The evaluation followed standard TREC evaluation procedures for ad hoc retrieval tasks. Participants submitted (in trec_eval format) a maximum of five automatic or manual runs per task, each consisting of a ranked list of up to 1,000 literature article IDs and 1,000 ClinicalTrials.gov Identifiers per topic. That is, up to 10 total runs: a maximum of 5 literature runs and 5 clinical trial runs per topic.

The highest ranked articles and trials for each topic were pooled and judged by physician graduate students at OHSU and postdoctoral fellows at the National Library of Medicine (NLM), just as in the Medical Records and Clinical Decision Support tracks.

In the previous years of the TREC Clinical Decision Support Track, relevance assessors judged results on a simple scale: “definitely relevant”, “partially relevant”, and “not relevant”. Due to the particular challenges involved in precision medicine, however, this is not necessarily appropriate. Not only is precision medicine a highly specialized field (and thus difficult to get true experts to act as assessors), but the notion of relevance is far more flexible and case-specific. As such, the assessment process was two-tiered: first a manual assessment was made by the human assessors based on several categories for each result (referred to here as Result Assessment), then a relevance score was assigned to the result based on its categorization (referred to here as Relevance Assessment).

5.1 Result Assessment

Result assessment can be viewed as a set of multi-class annotations. Judging an individual result, whether an article or trial, proceeds in a cascaded manner with two steps: an initial pass ensures the article/trial is broadly relevant to precision medicine, after which the assessor categorizes the article/trial according to the four fields above.

See Figure 1 for a flow chart style overview of this process. The first step is designed to save assessor time by filtering out unrelated articles/trials, since the second step can be more time-consuming (possibly requiring a more detailed reading of the article/trial). The assessors were free to quickly skim the article/trial in order to make the initial decision. Then, if the article/trial is relevant to precision medicine (by the standard outlined below), a more detailed reading may be necessary in order to accurately assess all fields.

Figure 1.

Figure 1

Two-step result assessment process

Step 1 is to determine whether the article/trial is related to precision medicine. There are three options:

  • Human PM: The article/trial (1) relates to humans, (2) involves some form of cancer, (3) focuses on treatment, prevention, or prognosis of cancer, and (4) relates in some way to at least one of the genes in the topic.

  • Animal PM: Identical to Human PM requirements (2)–(4), except for animal research.

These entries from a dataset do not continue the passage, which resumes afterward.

(* Let $T\in B(\mathcal{F})$ be a block-diagonal operator and let $(A_n)_{n\ge0}$ be its sequence of $\mathcal{C}$-approximants (defined in the context). Then for every $n\ge0$ and every $m\ge0$, \[A_n|_{\mathcal{F}_m}=\begin{cases}T|_{\mathcal{F}_m}&\text{if }m\le n,\\ (T|_{\mathcal{F}_n})\otimes I_{m-n}&\text{if }m>n,\end{cases}\] where $(T|_{\mathcal{F}_n})\otimes I_{m-n}$ acts on $\mathcal{F}_m=\mathcal{F}_n\otimes\mathcal{F}_{m-n}$ and $I_{m-n}$ is the identity of $\mathcal{F}_{m-n}$.
   Context: $d\ge2$; $\xi_1,\ldots,\xi_d$ is the standard orthonormal basis of $\mathbb{C}^d$. $\mathcal{F}=\bigoplus_{n\ge0}\mathcal{F}_n$ is the full Fock space, $\mathcal{F}_0=\mathbb{C}\Omega$, $\mathcal{F}_n=(\mathbb{C}^d)^{\otimes n}$ with the usual inner product. $L_j\eta=\xi_j\otimes\eta$ (and $L_j\Omega=\xi_j$) are the left creation operators, $\mathcal{C}=C^*(L_1,\ldots,L_d)$. $T$ is block-diagonal if $T(\mathcal{F}_n)\subseteq\mathcal{F}_n$ for all $n$. The $\mathcal{C}$-approximants of $T$ are defined recursively by $A_0=\langle T\Omega,\Omega\rangle I_{\mathcal{F}}$ and, for $n\ge0$, $A_{n+1}=A_n+\sum c_{i_1,\ldots,i_{n+1};j_1,\ldots,j_{n+1}}(L_{i_1}\cdots L_{i_{n+1}})(L_{j_1}\cdots L_{j_{n+1}})^*$, the sum over all $1\le i_1,\ldots,i_{n+1},j_1,\ldots,j_{n+1}\le d$, with $c_{i_1,\ldots,i_{n+1};j_1,\ldots,j_{n+1}}=\langle T(\xi_{j_1}\otimes\cdots\otimes\xi_{j_{n+1}}),\xi_{i_1}\otimes\cdots\otimes\xi_{i_{n+1}}\rangle-\delta_{i_{n+1},j_{n+1}}\langle T(\xi_{j_1}\otimes\cdots\otimes\xi_{j_n}),\xi_{i_1}\otimes\cdots\otimes\xi_{i_n}\rangle$ (for $n=0$ the second inner product is $\langle T\Omega,\Omega\rangle$). *)

From mathcomp Require Import all_boot all_algebra.
From mathcomp Require Import reals.
From mathcomp Require Export complex.
Set Implicit Arguments. Unset Strict Implicit. Unset Printing Implicit Defensive.
Import GRing.Theory Num.Theory.
Local Open Scope ring_scope.

(* Vectors of the (algebraic) full Fock space over C^d are coefficient functions
   on words: x w is the coordinate of x along xi_{w_1} (x) ... (x) xi_{w_k}
   (the empty word corresponds to the vacuum Omega). *)
Definition word (d : nat) := seq 'I_d.
Definition vect (d : nat) (C : Type) := word d -> C.

Section Fock.
Variables (d : nat) (C : numClosedFieldType).

Definition xi (u : word d) : vect d C := fun w => (w == u)%:R.

Definition inF (m : nat) (x : vect d C) : Prop :=
  forall w : word d, size w != m -> x w = 0.

Definition finsupp (x : vect d C) : Prop :=
  exists s : seq (word d), forall w, w \notin s -> x w = 0.

Definition addv (x y : vect d C) : vect d C := fun w => x w + y w.
Definition scalev (a : C) (x : vect d C) : vect d C := fun w => a * x w.

(* left creation operator L_j : eta |-> xi_j (x) eta *)
Definition Lop (j : 'I_d) (x : vect d C) : vect d C :=
  fun w => match w with
           | [::] => 0
           | i :: w' => if i == j then x w' else 0
           end.

(* its adjoint L_j^* : (L_j^* x)(w) = <x, L_j xi_w> = x (j :: w) *)
Definition Lstar (j : 'I_d) (x : vect d C) : vect d C := fun w => x (j :: w).

Definition Lword (I : word d) : vect d C -> vect d C :=
  foldr (fun i f => Lop i \o f) id I.

Definition Lword_adj (J : word d) : vect d C -> vect d C :=
  foldr (fun j f => f \o Lstar j) id J.

Variable T : vect d C -> vect d C.

Definition coef (n : nat) (I J : (n.+1).-tuple 'I_d) : C :=
  T (xi J) I
  - (tnth I ord_max == tnth J ord_max)%:R * T (xi (take n J)) (take n I).

Fixpoint approx (n : nat) : vect d C -> vect d C :=
  match n with
  | 0 => fun x => scalev (T (xi [::]) [::]) x
  | n'.+1 => fun x => addv (approx n' x)
      (fun w => \sum_(I : n'.+1.-tuple 'I_d) \sum_(J : n'.+1.-tuple 'I_d)
                   coef I J * Lword I (Lword_adj J x) w)
  end.

(* (S|_{F_n}) (x) I_{m-n} acting on F_m = F_n (x) F_{m-n}, where
   xi_u (x) xi_v is identified with xi_{u ++ v}:
   xi_{u++v} |-> (S xi_u) (x) xi_v, and (f (x) g)(w) = f (take n w) * g (drop n w). *)
Definition tensI (n m : nat) (S : vect d C -> vect d C) (x : vect d C) : vect d C :=
  fun w => \sum_(u : n.-tuple 'I_d) \sum_(v : (m - n).-tuple 'I_d)
             x (u ++ v) * (S (xi u) (take n w) * xi v (drop n w)).

End Fock.

Definition fock_linear (d : nat) (C : numClosedFieldType) (T : vect d C -> vect d C) :=
  forall (a : C) (x y : vect d C), finsupp x -> finsupp y ->
    T (addv (scalev a x) y) = addv (scalev a (T x)) (T y).

Definition block_diagonal (d : nat) (C : numClosedFieldType) (T : vect d C -> vect d C) :=
  forall (n : nat) (x : vect d C), inF n x -> inF n (T x).

Definition blocks_bounded (d : nat) (C : numClosedFieldType) (T : vect d C -> vect d C) :=
  exists M : C, 0 <= M /\
    forall (n : nat) (x : vect d C), inF n x ->
      \sum_(w : n.-tuple 'I_d) `|T x w| ^+ 2 <= M * \sum_(w : n.-tuple 'I_d) `|x w| ^+ 2.

(* On a word w of length m, the approximant A_n sees only the prefix of w of length n: the term
   added at level n + 1 telescopes, since the second part of its coefficient reproduces the
   level-n term after summing over the last letter.  Hence A_n acts as (T|F_n) (x) I on words of
   length at least n and stops changing once n reaches the length of w, where it equals T. *)
From Pilot Require Import Defs.
From mathcomp Require Import all_boot all_algebra.
From mathcomp Require Import reals complex zify.
From Stdlib Require Import FunctionalExtensionality.
Import GRing.Theory Num.Theory.
Local Open Scope ring_scope.
Set Implicit Arguments. Unset Strict Implicit.

Section Words.
Variables (d : nat) (C : numClosedFieldType).

Lemma Lword_adjE (J : word d) (y : vect d C) (w : word d) : Lword_adj J y w = y (J ++ w).
Proof. by elim: J y => [|j J IH] y //=; rewrite IH. Qed.

Lemma LwordE (I : word d) (y : vect d C) (w : word d) :
  Lword I y w = (take (size I) w == I)%:R * y (drop (size I) w).
Proof.
elim: I w => [|i I IH] [|a w] /=; rewrite ?take0 ?drop0 ?mul1r ?mul0r //.
by rewrite IH eqseq_cons; case: (a == i); rewrite ?mul0r.
Qed.

Lemma sum_delta (I : finType) (a : I) (F : I -> C) : \sum_i (a == i)%:R * F i = F a.
Proof.
rewrite (bigD1 a) //= eqxx mul1r big1 ?addr0 // => i.
by rewrite eq_sym => /negbTE ->; rewrite mul0r.
Qed.

Lemma sum_tuple_xi n (F : word d -> C) (s : word d) :
  \sum_(J : n.-tuple 'I_d) F J * xi C J s = (size s == n)%:R * F s.
Proof.
case: (boolP (size s == n)) => hs.
  rewrite mul1r -(sum_delta (Tuple hs) (fun J => F J)); apply: eq_bigr => J _.
  by rewrite /xi mulrC -val_eqE.
rewrite mul0r big1 // => J _; rewrite /xi.
by case: eqP => [e|_]; [rewrite e size_tuple eqxx in hs | rewrite mulr0].
Qed.

Lemma take_tupleP n (w : word d) (t : n.-tuple 'I_d) : take n w = t -> (n <= size w)%N.
Proof. by move/(congr1 size); rewrite size_tuple size_take_min => <-; rewrite geq_minr. Qed.

Lemma tnth_rcons_max n (t : n.-tuple 'I_d) (j : 'I_d) : tnth (rcons_tuple t j) ord_max = j.
Proof. by rewrite (tnth_nth j) /= nth_rcons size_tuple ltnn eqxx. Qed.

Lemma sum_rcons_tuple n (F : n.+1.-tuple 'I_d -> C) :
  \sum_(J : n.+1.-tuple 'I_d) F J = \sum_(J : n.-tuple 'I_d) \sum_(j : 'I_d) F (rcons_tuple J j).
Proof.
have size_take_tuple (J : n.+1.-tuple 'I_d) : size (take n J) == n.
  by rewrite size_take size_tuple ltnSn.
rewrite pair_big /= (reindex (fun p : n.-tuple 'I_d * 'I_d => rcons_tuple p.1 p.2)) //=.
exists (fun J => (Tuple (size_take_tuple J), tnth J ord_max)) => [[t j] _ | J _] /=.
  by rewrite tnth_rcons_max; congr pair; apply: val_inj; rewrite /= -cats1 take_size_cat ?size_tuple.
apply: val_inj; rewrite /= (tnth_nth (tnth J ord_max)) /= -take_nth ?size_tuple //.
by rewrite take_oversize // size_tuple.
Qed.

Lemma inF_expand m (x : vect d C) :
  inF m x -> x = fun w => \sum_(J : m.-tuple 'I_d) x J * xi C J w.
Proof.
move=> hx; apply: functional_extensionality => w; rewrite sum_tuple_xi.
by case: eqP => [_|/eqP hw]; rewrite ?mul1r // mul0r hx.
Qed.

End Words.

Section Linearity.
Variables (d : nat) (C : numClosedFieldType) (T : vect d C -> vect d C).
Hypothesis T_linear : fock_linear T.

Lemma finsupp_lincomb (I : Type) (r : seq I) (f : I -> C) (g : I -> word d) :
  finsupp (fun w => \sum_(i <- r) f i * xi C (g i) w).
Proof.
elim: r => [|i r [s hs]]; first by exists [::] => w _; rewrite big_nil.
exists (g i :: s) => w; rewrite inE negb_or => /andP[hwi hws].
by rewrite big_cons /xi (negbTE hwi) mulr0 add0r hs.
Qed.

Lemma fock_linear_zero : T (fun _ => 0) = fun _ => 0.
Proof.
have fin0 : finsupp (fun _ : word d => 0 : C) by exists [::].
have := T_linear 1 fin0 fin0.
have -> : Defs.addv (scalev 1 (fun _ => 0)) (fun _ => 0) = fun _ : word d => 0 : C.
  by apply: functional_extensionality => w; rewrite /Defs.addv /scalev mulr0 addr0.
move=> e; apply: functional_extensionality => w.
move: (congr1 (fun f => f w) e); rewrite /Defs.addv /scalev mul1r.
by rewrite -{1}[T _ w]addr0 => /addrI.
Qed.

Lemma fock_linear_sum (I : Type) (r : seq I) (f : I -> C) (g : I -> word d) :
  T (fun w => \sum_(i <- r) f i * xi C (g i) w) = fun w => \sum_(i <- r) f i * T (xi C (g i)) w.
Proof.
elim: r => [|i r IH].
  rewrite (_ : (fun w => _) = fun _ => 0) ?fock_linear_zero;
    by apply: functional_extensionality => w; rewrite big_nil.
have fin_xi : finsupp (xi C (g i)) by exists [:: g i] => w; rewrite inE /xi => /negbTE ->.
have := T_linear (f i) fin_xi (finsupp_lincomb r f g).
rewrite (_ : Defs.addv _ _ = fun w => \sum_(j <- i :: r) f j * xi C (g j) w); last first.
  by apply: functional_extensionality => w; rewrite big_cons.
move=> ->; rewrite IH; apply: functional_extensionality => w.
by rewrite /Defs.addv /scalev big_cons.
Qed.

Lemma fock_linear_inF m (x : vect d C) :
  inF m x -> T x = fun w => \sum_(J : m.-tuple 'I_d) x J * T (xi C J) w.
Proof. by move=> /inF_expand {1}->; exact: (fock_linear_sum (index_enum _) _ val). Qed.

End Linearity.

Section Approximants.
Variables (d : nat) (C : numClosedFieldType) (T : vect d C -> vect d C).

(* Pointwise form of (T|F_n) (x) I, valid on words of length at least n. *)
Definition tens_id (n : nat) (x : vect d C) : vect d C :=
  fun w => \sum_(u : n.-tuple 'I_d) x (u ++ drop n w) * T (xi C u) (take n w).

Lemma approx_succE n (x : vect d C) (w : word d) :
  approx T n.+1 x w = approx T n x w +
    \sum_(I : n.+1.-tuple 'I_d) (take n.+1 w == I)%:R *
      \sum_(J : n.+1.-tuple 'I_d) coef T I J * x (J ++ drop n.+1 w).
Proof.
rewrite /= /Defs.addv; congr (_ + _); apply: eq_bigr => I _.
rewrite mulr_sumr; apply: eq_bigr => J _.
by rewrite LwordE Lword_adjE !size_tuple mulrCA.
Qed.

Lemma approx_stable n (x : vect d C) (w : word d) :
  (size w <= n)%N -> approx T n x w = approx T (size w) x w.
Proof.
elim: n => [|n IH]; first by rewrite leqn0 => /eqP ->.
rewrite leq_eqVlt => /orP[/eqP -> // | hw].
rewrite approx_succE -IH // big1 ?addr0 // => I _.
case: eqP => [e|_]; last by rewrite mul0r.
by move: hw; rewrite ltnNge (take_tupleP e).
Qed.

Lemma approx_inF m n (x : vect d C) : inF m x -> inF m (approx T n x).
Proof.
move=> hx; elim: n => [|n IH] w hw; first by rewrite /= /scalev hx ?mulr0.
rewrite approx_succE IH // add0r big1 // => I _.
case: eqP => [e|_]; last by rewrite mul0r.
rewrite big1 ?mulr0 // => J _; rewrite hx ?mulr0 //.
by move: (take_tupleP e) hw; rewrite size_cat size_drop size_tuple; lia.
Qed.

Lemma tens_id_succ n (x : vect d C) (w : word d) (I : n.+1.-tuple 'I_d) :
  val I = take n.+1 w ->
  tens_id n.+1 x w = tens_id n x w + \sum_(J : n.+1.-tuple 'I_d) coef T I J * x (J ++ drop n.+1 w).
Proof.
move=> hI.
have hn : (n < size w)%N := take_tupleP (esym hI).
set a := tnth I ord_max.
have ha : a = nth a w n by rewrite {1}/a (tnth_nth a) hI nth_take.
rewrite /coef; under eq_bigr do rewrite mulrBl; rewrite sumrB.
have -> : \sum_(J : n.+1.-tuple 'I_d) T (xi C J) I * x (J ++ drop n.+1 w) = tens_id n.+1 x w.
  by apply: eq_bigr => J _; rewrite hI mulrC.
(* summing the correction over the last letter of J leaves only the letter a *)
have -> : \sum_(J : n.+1.-tuple 'I_d)
    (a == tnth J ord_max)%:R * T (xi C (take n J)) (take n I) * x (J ++ drop n.+1 w)
    = tens_id n x w.
  rewrite sum_rcons_tuple; apply: eq_bigr => J _.
  under eq_bigr do rewrite tnth_rcons_max -mulrA.
  rewrite sum_delta /= -cats1 take_size_cat ?size_tuple // hI take_takel //.
  by rewrite -catA (drop_nth a hn) -ha mulrC.
by rewrite addrC subrK.
Qed.

Lemma approx_tens_id n (x : vect d C) (w : word d) :
  (n <= size w)%N -> approx T n x w = tens_id n x w.
Proof.
elim: n => [|n IH] hn.
  rewrite /= /scalev /tens_id (big_pred1 [tuple]) => [|J]; last by rewrite [J]tuple0 /= eqxx.
  by rewrite /= drop0 take0 mulrC.
have size_take_w : size (take n.+1 w) == n.+1 by rewrite size_takel.
rewrite approx_succE (IH (ltnW hn)) (tens_id_succ x (I := Tuple size_take_w)) //.
by congr (_ + _); exact: (sum_delta (Tuple size_take_w)).
Qed.

Lemma T_tens_id m (x : vect d C) (w : word d) :
  fock_linear T -> inF m x -> size w = m -> T x w = tens_id m x w.
Proof.
move=> T_linear hx hw; rewrite (fock_linear_inF T_linear hx) /tens_id.
rewrite take_oversize ?drop_oversize ?hw //.
by apply: eq_bigr => J _; rewrite cats0 mulrC.
Qed.

Lemma tensIE n m (x : vect d C) (w : word d) :
  (n < m)%N -> tensI n m T x w = (size w == m)%:R * tens_id n x w.
Proof.
move=> hnm; rewrite /tensI /tens_id mulr_sumr; apply: eq_bigr => u _.
under eq_bigr do rewrite mulrA.
rewrite (sum_tuple_xi _ (fun v => x (u ++ v) * T (xi C u) (take n w))) size_drop.
by congr (_%:R * _); apply/eqP/eqP; lia.
Qed.

End Approximants.

Theorem lemma3p2 (R : realType) (d : nat) (T : vect d R[i] -> vect d R[i]) :
  (2 <= d)%N ->
  fock_linear T -> block_diagonal T -> blocks_bounded T ->
  forall (n m : nat) (x : vect d R[i]), inF m x ->
    ((m <= n)%N -> approx T n x = T x) /\
    ((n < m)%N -> approx T n x = tensI n m T x).
Proof.
move=> _ T_linear T_block _ n m x hx; split => hnm; apply: functional_extensionality => w;
  case: (eqVneq (size w) m) => hw.
- rewrite approx_stable ?hw // approx_tens_id ?hw //.
  by rewrite (T_tens_id T_linear hx hw).
- by rewrite (approx_inF T n hx hw) (T_block _ _ hx w hw).
- by rewrite tensIE // hw eqxx mul1r approx_tens_id ?hw // ltnW.
- by rewrite tensIE // (negbTE hw) mul0r (approx_inF T n hx hw).
Qed.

  • Not PM: Everything else. This includes “basic science” that focuses on understanding underlying genomic principles (e.g., pathways), but provides no evidence for treatment.

Step 2 is to determine the appropriate categorization for each of the four fields:

  1. Disease:
    • Exact: The form of cancer in the article/trial is identical to the one in the topic.
    • More General: The form of cancer in the article/trial is more general than the one in the topic (e.g., blood cancer vs. leukemia).
    • More Specific: The form of cancer in the article/trial is more specific than the one in the topic (e.g., squamous cell lung carcinoma vs. lung cancer).
    • Not Disease: The article/trial is not about a disease, or is about a different disease (or type of cancer) than the one in the topic.
  2. Gene [for each particular gene in the topic]
    • Exact: The article/trial focuses on the exact gene and variant as the one in the topic. If the topic does not contain a specific variant, then this holds as long as the gene is included. By “focus” this means the gene/variant needs to be part of the scientific experiment of the article/trial, as opposed to discussing related work.
    • Missing Gene: The article/trial does not focus the particular gene in the topic. If the gene is referenced but not part of the study, then it is considered missing.
    • Missing Variant: The article/trial focuses on the particular gene in the topic, but not the particular variant in the topic. If no variant is provided in the topic, this category should not be assigned.
    • Different Variant: The article/trial focuses on the particular gene in the topic, but on a different variant than the one in the topic.
  3. Demographic
    • Matches: The article/trial demographic population matches the one in the topic.
    • Excludes: The article/trial demographic population specifically excludes the one in the topic.
    • Not Discussed: The article/trial does not discuss a particular demographic population.
  4. Other
    • Matches: The article/trial population matches the one in the topic. If the other field is “None” this category should also be assigned.
    • Excludes: The article/trial population specifically excludes the one in the topic.
    • Not Discussed: The article/trial does not discuss a population relating to the provided factors.

5.2 Relevance Assessment

Relevance assessment is defined here as the process of mapping the multi-class result assessments described above onto a single numeric relevance scale. This allows for the computation of evaluation metrics (e.g., P@10, infNDCG) as well as the tuning of IR systems to improve their search ranking. As already demonstrated by the need for result assessment above, for the Precision Medicine track the notion of relevance assessment becomes more complex than previous tracks.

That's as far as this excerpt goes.